As seen from FIG. 2, the spacing members 6 are bent forward (upward, from the plane of FIG. 1) out of the plane of the bearing piece 3 and support piece 5, said bending occurring in the neighborhood of strips 3 and 5. The spacing members 6 are configured such that any two successive spacing members 6 laterally delimit a region therebetween along the strips 3, 5, this region being referred to hereafter as a flat chamber. In each of the exemplary embodiments illustrated in FIGS. 1 and 3, groups of five contact springs 2 are disposed side by side in a planar disposition between any two adjacent pairs of spacing members 6, which springs are perpendicular to the longitudinal extent of bearing piece 3 and support piece 5. This perpendicularity is retained even if the contact springs 2 are given a radial curvature (by any known process, such as stamping) toward the rear, in their middle regions 4 (between the bearing piece 3 and the support piece 5), as seen in FIG. 4. The terms "front" and "rear" as used herein refer to directions taken from FIG. 1.
As illustrated in FIGS. 5 to 8, the two metal strips which form the bearing piece 3 and the support piece 5 are bent into an essentially cylindrical shape, about an axis running perpendicular thereto and at a predetermined radial distance therefrom. In the case of FIGS. 5-7, the axis A--A about which the two metal strips 3,5 are bent is facing the rear side 22 (as viewed originally in FIGS. 1 and 2) of the bearing piece 3 and support piece 5, so that a cylindrical contact socket is formed from the original contact element. The bending axis coincides with the axis A--A of the contact socket. In the contact sockets of FIGS. 5 and 6, a generally cylindrical socket body 7 is provided which contains the contact element. The spacing members 6 are braced against the body 7.
In the embodiment illustrated on the right half of FIG. 5, the socket body 7 is comprised of a sleeve formed into a cylindrical shape from a sheet of metal. The contact socket structure formed by a cylindrically bent segment of the contact element 1 can be pushed into the body 7. The spacing members 6 are then lodged elastically against the socket body 7, which provides relatively problem-free conduction of current between the body 7 and a contact socket structure.
In the embodiment according to FIG. 6, two units, each comprised of a bearing piece 3, a support piece 5, and spacing members 5,6 are joined in the axial direction to form a double unit which can be used as a double socket. In this case, the contact springs 2 which run lengthwise in the direction of the axis A--A through the entire structure are joined to the associated single, common, bearing piece 3 in the central region 8 of the double socket. In the region of the two support pieces 5,5 of the double socket, the free ends of the contact springs 2 rest against the support pieces 5,5.

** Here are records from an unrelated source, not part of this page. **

(* For $q\ge1$, let a $q$-prime factor be a word $0^a1^b$ with $b\ge0$ and $a=\lfloor b/q\rfloor+1$. The bivariate generating function $S_q(x,y)=\sum_{n,k\ge0}s_{n,k}x^ny^k$, where $s_{n,k}$ is the number of $q$-prime factors of length $n$ having exactly $k$ letters $1$, is $$S_q(x,y)=\frac{x\left(1-(xy)^q\right)}{(xy-1)(x^{q+1}y^q-1)}.$$
   Context: Exponents denote repetition of letters: $0^a1^b$ is $a$ zeros followed by $b$ ones. *)

From mathcomp Require Import all_boot all_algebra.
Set Implicit Arguments. Unset Strict Implicit. Unset Printing Implicit Defensive.
Import GRing.Theory.
Local Open Scope ring_scope.

(* Words over {0,1}: a letter is a bool, [false] = 0, [true] = 1. *)

(* w is a q-prime factor: w = 0^a 1^b with b >= 0 and a = floor(b/q)+1.
   (b is necessarily <= size w, so the bounded existential is harmless.) *)
Definition qprime_factor (q : nat) (w : seq bool) : bool :=
  [exists b : 'I_(size w).+1,
     w == nseq ((b %/ q).+1)%N false ++ nseq b true].

Definition s_coef (q n k : nat) : int :=
  (#|[set w : n.-tuple bool | qprime_factor q w && (count id w == k)]|)%:Z.

(* Formal power series in two variables x, y with integer coefficients:
   f n k is the coefficient of x^n y^k. *)
Definition fps2 := nat -> nat -> int.

Definition fps_add (f g : fps2) : fps2 := fun n k => f n k + g n k.
Definition fps_opp (f : fps2) : fps2 := fun n k => - f n k.
Definition fps_sub (f g : fps2) : fps2 := fps_add f (fps_opp g).
Definition fps_mul (f g : fps2) : fps2 := fun n k =>
  \sum_(i < n.+1) \sum_(j < k.+1) f i j * g (n - i)%N (k - j)%N.
Definition fps_one : fps2 := fun n k => ((n == 0%N) && (k == 0%N))%:R.
Definition fps_mon (a b : nat) : fps2 := fun n k => ((n == a) && (k == b))%:R.
Definition fps_x : fps2 := fps_mon 1 0.
Definition fps_y : fps2 := fps_mon 0 1.
Definition fps_exp (f : fps2) (m : nat) : fps2 := iter m (fps_mul f) fps_one.

Definition S_gf (q : nat) : fps2 := fun n k => s_coef q n k.

(* The q-prime factor with k ones is unique, of length L(k) = floor(k/q) + 1 + k,
   so S_q = sum_k x^L(k) y^k.  Since L(k + q) = L(k) + q + 1, multiplying by
   x^{q+1} y^q - 1 cancels every term with k >= q and leaves
   -(x + x^2 y + ... + x^q y^{q-1}); multiplying that by xy - 1 telescopes to
   x - x^{q+1} y^q. *)
From mathcomp Require Import all_boot all_algebra.
From mathcomp Require Import zify ring.
From Stdlib Require Import FunctionalExtensionality.
Import GRing.Theory.

Definition qprime_word (q k : nat) : seq bool :=
  nseq (k %/ q).+1 false ++ nseq k true.

Lemma size_qprime_word (q k : nat) : size (qprime_word q k) = ((k %/ q).+1 + k)%N.
Proof. by rewrite size_cat !size_nseq. Qed.

Lemma count_qprime_word (q k : nat) : count id (qprime_word q k) = k.
Proof. by rewrite count_cat !count_nseq /= mul0n mul1n. Qed.

Lemma qprime_factor_countE (q k : nat) (w : seq bool) :
  qprime_factor q w && (count id w == k) = (w == qprime_word q k).
Proof.
apply/idP/eqP => [/andP[/existsP[b /eqP ->]] | ->].
  by rewrite -/(qprime_word q b) count_qprime_word => /eqP <-.
rewrite count_qprime_word eqxx andbT; apply/existsP.
have k_lt : (k < (size (qprime_word q k)).+1)%N by rewrite size_qprime_word ltnS leq_addl.
by exists (Ordinal k_lt).
Qed.

Lemma card_tuple_val_eq (T : finType) (n : nat) (u : seq T) :
  #|[set w : n.-tuple T | val w == u]| = (size u == n).
Proof.
have [/eqP szu | szu] := eqVneq (size u) n.
  apply: eq_trans (cards1 (Tuple szu)); apply: eq_card => w.
  by rewrite !inE -val_eqE.
apply: eq_trans (cards0 _); apply: eq_card => w.
rewrite !inE; apply/negbTE/eqP => wu.
by move: szu; rewrite -wu size_tuple eqxx.
Qed.

Local Open Scope ring_scope.

Lemma s_coefE (q n k : nat) : s_coef q n k = (n == (k %/ q).+1 + k)%N%:R.
Proof.
rewrite /s_coef -natz.
under eq_finset => w do rewrite qprime_factor_countE.
by rewrite card_tuple_val_eq size_qprime_word eq_sym.
Qed.

Lemma qprime_length_addq (q k : nat) : (0 < q)%N ->
  (((k + q) %/ q).+1 + (k + q) = (k %/ q).+1 + k + q.+1)%N.
Proof. by move=> q_gt0; rewrite divnDr // divnn q_gt0; lia. Qed.

Lemma fps_subE (f g : fps2) (n k : nat) : fps_sub f g n k = f n k - g n k.
Proof. by []. Qed.

Lemma fps_ext (f g : fps2) : (forall n k, f n k = g n k) -> f = g.
Proof. by move=> fg; do 2!apply: functional_extensionality => ?; apply: fg. Qed.

Lemma sum_ord_subn_eq (R : pzSemiRingType) (m a : nat) (G : nat -> R) :
  \sum_(i < m.+1) (m - i == a)%N%:R * G i = if (a <= m)%N then G (m - a)%N else 0.
Proof.
have [a_le | a_gt] := leqP a m; last first.
  by rewrite big1 // => i _; rewrite (_ : (m - i == a)%N = false) ?mul0r //; lia.
have i0_lt : (m - a < m.+1)%N by lia.
rewrite (bigD1 (Ordinal i0_lt)) //= subKn // eqxx mul1r big1 ?addr0 // => i ne_i0.
rewrite (_ : (m - i == a)%N = false) ?mul0r //; apply/negbTE/eqP => mia.
by move: ne_i0; rewrite -val_eqE /= -mia subKn ?eqxx // -ltnS.
Qed.

Lemma fps_mul_monE (f : fps2) (a b n k : nat) :
  fps_mul f (fps_mon a b) n k =
  if (a <= n)%N && (b <= k)%N then f (n - a)%N (k - b)%N else 0.
Proof.
rewrite /fps_mul; under eq_bigr => i _ do under eq_bigr => j _ do
  rewrite /fps_mon mulrC -mulnb natrM -mulrA.
under eq_bigr => i _ do rewrite -mulr_sumr.
rewrite (@sum_ord_subn_eq _ n a (fun i => \sum_(j < k.+1) (k - j == b)%N%:R * f i j)).
by case: leqP => //= _; rewrite (@sum_ord_subn_eq _ k b (f (n - a)%N)).
Qed.

Lemma fps_mul_mon (a b c d : nat) :
  fps_mul (fps_mon a b) (fps_mon c d) = fps_mon (a + c) (b + d).
Proof.
apply: fps_ext => n k; rewrite fps_mul_monE /fps_mon.
case: ifP => cd_le.
  by rewrite (_ : (n - c == a) && (k - d == b) = (n == a + c) && (k == b + d))%N //;
    apply/idP/idP; lia.
by rewrite (_ : (n == a + c) && (k == b + d) = false)%N //; apply/negbTE; lia.
Qed.

Lemma fps_one_mon : fps_one = fps_mon 0 0. Proof. by []. Qed.

Lemma fps_exp_mon (a b m : nat) : fps_exp (fps_mon a b) m = fps_mon (a * m) (b * m).
Proof.
elim: m => [|m IHm]; first by rewrite !muln0.
by rewrite /fps_exp iterS -/(fps_exp _ m) IHm fps_mul_mon !mulnS.
Qed.

Lemma fps_mul_subr (f g h : fps2) :
  fps_mul f (fps_sub g h) = fps_sub (fps_mul f g) (fps_mul f h).
Proof.
apply: fps_ext => n k; rewrite /fps_sub /fps_add /fps_opp /fps_mul -sumrB.
by apply: eq_bigr => i _; rewrite -sumrB; apply: eq_bigr => j _; rewrite mulrBr.
Qed.

Lemma fps_mul_subl (f g h : fps2) :
  fps_mul (fps_sub g h) f = fps_sub (fps_mul g f) (fps_mul h f).
Proof.
apply: fps_ext => n k; rewrite /fps_sub /fps_add /fps_opp /fps_mul -sumrB.
by apply: eq_bigr => i _; rewrite -sumrB; apply: eq_bigr => j _; rewrite mulrBl.
Qed.

Lemma fps_mulr1 (f : fps2) : fps_mul f fps_one = f.
Proof. by apply: fps_ext => n k; rewrite fps_one_mon fps_mul_monE !subn0. Qed.

Lemma fps_mul_monA (f : fps2) (a b c d : nat) :
  fps_mul (fps_mul f (fps_mon a b)) (fps_mon c d) = fps_mul f (fps_mon (a + c) (b + d)).
Proof.
apply: fps_ext => n k; rewrite !fps_mul_monE.
case: ifP => cd_le; last by rewrite (_ : _ && _ = false) //; apply/negbTE; lia.
rewrite -!subnDA (addnC c) (addnC d); congr (if _ then _ else _); apply/idP/idP; lia.
Qed.

Definition fps_xgeom (q : nat) : fps2 := fun n k => ((k < q)%N && (n == k.+1))%:R.

Lemma S_gf_mul_period (q : nat) : (0 < q)%N ->
  fps_mul (S_gf q) (fps_sub (fps_mon q.+1 q) fps_one) = fps_opp (fps_xgeom q).
Proof.
move=> q_gt0; apply: fps_ext => n k.
rewrite fps_mul_subr fps_mulr1 fps_subE fps_mul_monE /S_gf /fps_opp /fps_xgeom !s_coefE.
have [k_lt | k_ge] := ltnP k q.
  by rewrite andbF add0r divn_small.
rewrite -(subnK k_ge) qprime_length_addq // addnK andbT /= oppr0.
set L := (((k - q) %/ q).+1 + (k - q))%N.
have [n_ge | n_lt] := ltnP q n.
  by rewrite -(eqn_add2r q.+1) subnK // subrr.
by rewrite (_ : (n == L + q.+1)%N = false) ?subrr //; apply/negbTE; lia.
Qed.

Lemma fps_xgeom_telescope (q : nat) :
  fps_mul (fps_opp (fps_xgeom q)) (fps_sub (fps_mon 1 1) fps_one)
  = fps_sub (fps_mon 1 0) (fps_mon q.+1 q).
Proof.
apply: fps_ext => n k.
rewrite fps_mul_subr fps_mulr1 !fps_subE fps_mul_monE /fps_mon /fps_opp /fps_xgeom.
case: n => [|n]; case: k => [|k]; rewrite ?subn1 /= ?andbF ?oppr0 ?subrr ?eqSS //.
  by case: q => [|q]; rewrite ?andbF ?andbT /= ?oppr0 ?subr0 ?sub0r ?opprK ?subrr.
have [_ | _ | <-] := ltngtP k.+1 q; rewrite ?andbF ?subrr //.
by rewrite /= oppr0 subr0 sub0r andbT.
Qed.

Theorem lemma2 (q : nat) (hq : (1 <= q)%N) :
  fps_mul (S_gf q)
          (fps_mul (fps_sub (fps_mul fps_x fps_y) fps_one)
                   (fps_sub (fps_mul (fps_exp fps_x q.+1) (fps_exp fps_y q)) fps_one))
  = fps_mul fps_x (fps_sub fps_one (fps_exp (fps_mul fps_x fps_y) q)).
Proof.
rewrite /fps_x /fps_y !fps_mul_mon !fps_exp_mon !fps_mul_mon.
rewrite !(addn0, add0n, mul0n, mul1n).
transitivity (fps_mul (fps_mul (S_gf q) (fps_sub (fps_mon q.+1 q) fps_one))
                      (fps_sub (fps_mon 1 1) fps_one)).
  rewrite fps_one_mon !(fps_mul_subl, fps_mul_subr) !fps_mul_monA !fps_mul_mon.
  rewrite !(addn0, add0n, addn1, add1n).
  by apply: fps_ext => n k; rewrite !fps_subE; ring.
rewrite S_gf_mul_period // fps_xgeom_telescope.
by rewrite fps_one_mon fps_mul_subr !fps_mul_mon.
Qed.
Lemma ge0_integral_bigcup_countable K : countable K ->
  \int[mu]_(x in \bigcup_(i in K) P i) g x = \esum_(i in K) \int[mu]_(x in P i) g x.
Proof.
move=> cK; have [->|K0] := eqVneq K set0.
  by rewrite bigcup_set0 integral_set0 esum_set0.
have [e [N -> injN]] := countable_nat_image cK K0.
rewrite esum_image // bigcup_image bigcup_mkcond ge0_integral_bigcup //.
- transitivity (\sum_(n <oo | n \in N) \int[mu]_(x in P (e n)) g x).
    rewrite [RHS]eseries_mkcond; apply: eq_eseriesr => n _.
    by case: ifPn => // _; rewrite integral_set0.
  by rewrite nneseries_esum ?set_mem_set// => n _; exact: integral_ge0.
- by move=> n; case: ifPn => _; [exact: mP | exact: measurable0].
- exact: measurable_funTS.
- apply/trivIsetP => m n _ _ mn.
  case: ifPn => [Nm|_]; last by rewrite set0I.
  case: ifPn => [Nn|_]; last by rewrite setI0.
  by move/trivIsetP : tP; apply => //; apply: contra_neq mn; exact: injN.
Qed.

Let integral_eq0P D : measurable D ->
  \int[mu]_(x in D) g x = 0 <-> ae_eq mu D g (cst 0).
Proof.
move=> mD; rewrite -ae_eq_integral_abs//; last exact: measurable_funTS.
by rewrite (eq_integral g) // => x _; rewrite gee0_abs.
Qed.

Let integral_splitC A : measurable A ->
  \int[mu]_x g x = \int[mu]_(x in A) g x + \int[mu]_(x in ~` A) g x.
Proof.
move=> mA; rewrite -ge0_integral_setU ?setUCr//; first exact: measurableC.
by apply/disj_set2P; rewrite setICr.
Qed.

Definition nonnull_pieces := [set i | \int[mu]_(x in P i) g x <> 0].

In the double socket of FIG. 6 and in the simple contact spring socket of FIG. 5 (shown in the left half), the socket body 7 is comprised of a turned cylindrical piece for accommodating the contact socket structure. The socket body 7 of FIG. 5 (shown in the right half thereof) has a centrally projecting rod element 10 at the lower end of said body 7, which lower end is nearer the electrical connecting piece 9. The rod element 10 together with the socket body 7 defines a ring-shaped groove into which the bearing piece end, formed by bearing piece 3, of the contact socket structure can be inserted. The bearing piece 3, with the ends of the contact springs 2 of the contact socket structure, is held in place at the electrical connecting piece 9 by means of a radially inwardly directed deformation 23 of the socket body 7.
FIG. 3 illustrates a variant embodiment of a contact element 1'. Here the contact springs 2', in their middle region 4' between the bearing piece 3' and the support piece 5', are disposed at an angle to the longitudinal direction of the bearing piece and the support piece, in order to improve electrical contact. The associated spacing members 6' are parallel to the contact springs. If this contact element 1' is formed into a cylindrical shape, the configuration of the contact springs 2' corresponds to a set of generatrices of a hyperboloid of revolution. Accordingly, the contact locus is disposed in the middle region 4', with no projecting curvature. Electrical contact with the contact springs is made at the contact locus by the contact plug or pin. With this embodiment, the contact springs 2' may be affixed to not only the bearing piece 3' but the support piece 5' as well (in a single contact socket structure).
FIG. 8 illustrates a connecting plug with a plug body 11 and a contact plug structure formed by bending the contact element 1 into a cylindrical shape. In this case the axis around which the two metal strips 3 and 5 are bent is facing the front side of the contact element 1. Accordingly, the spacing members 6 are disposed on the side facing the plug body 11, namely in such a manner that the members 6 are braced against the body 11, thereby providing relatively problem-free passage of current between the contact element 1 (which has been formed into a contact plug structure) and the electrical connecting piece 9 of the plug body 11.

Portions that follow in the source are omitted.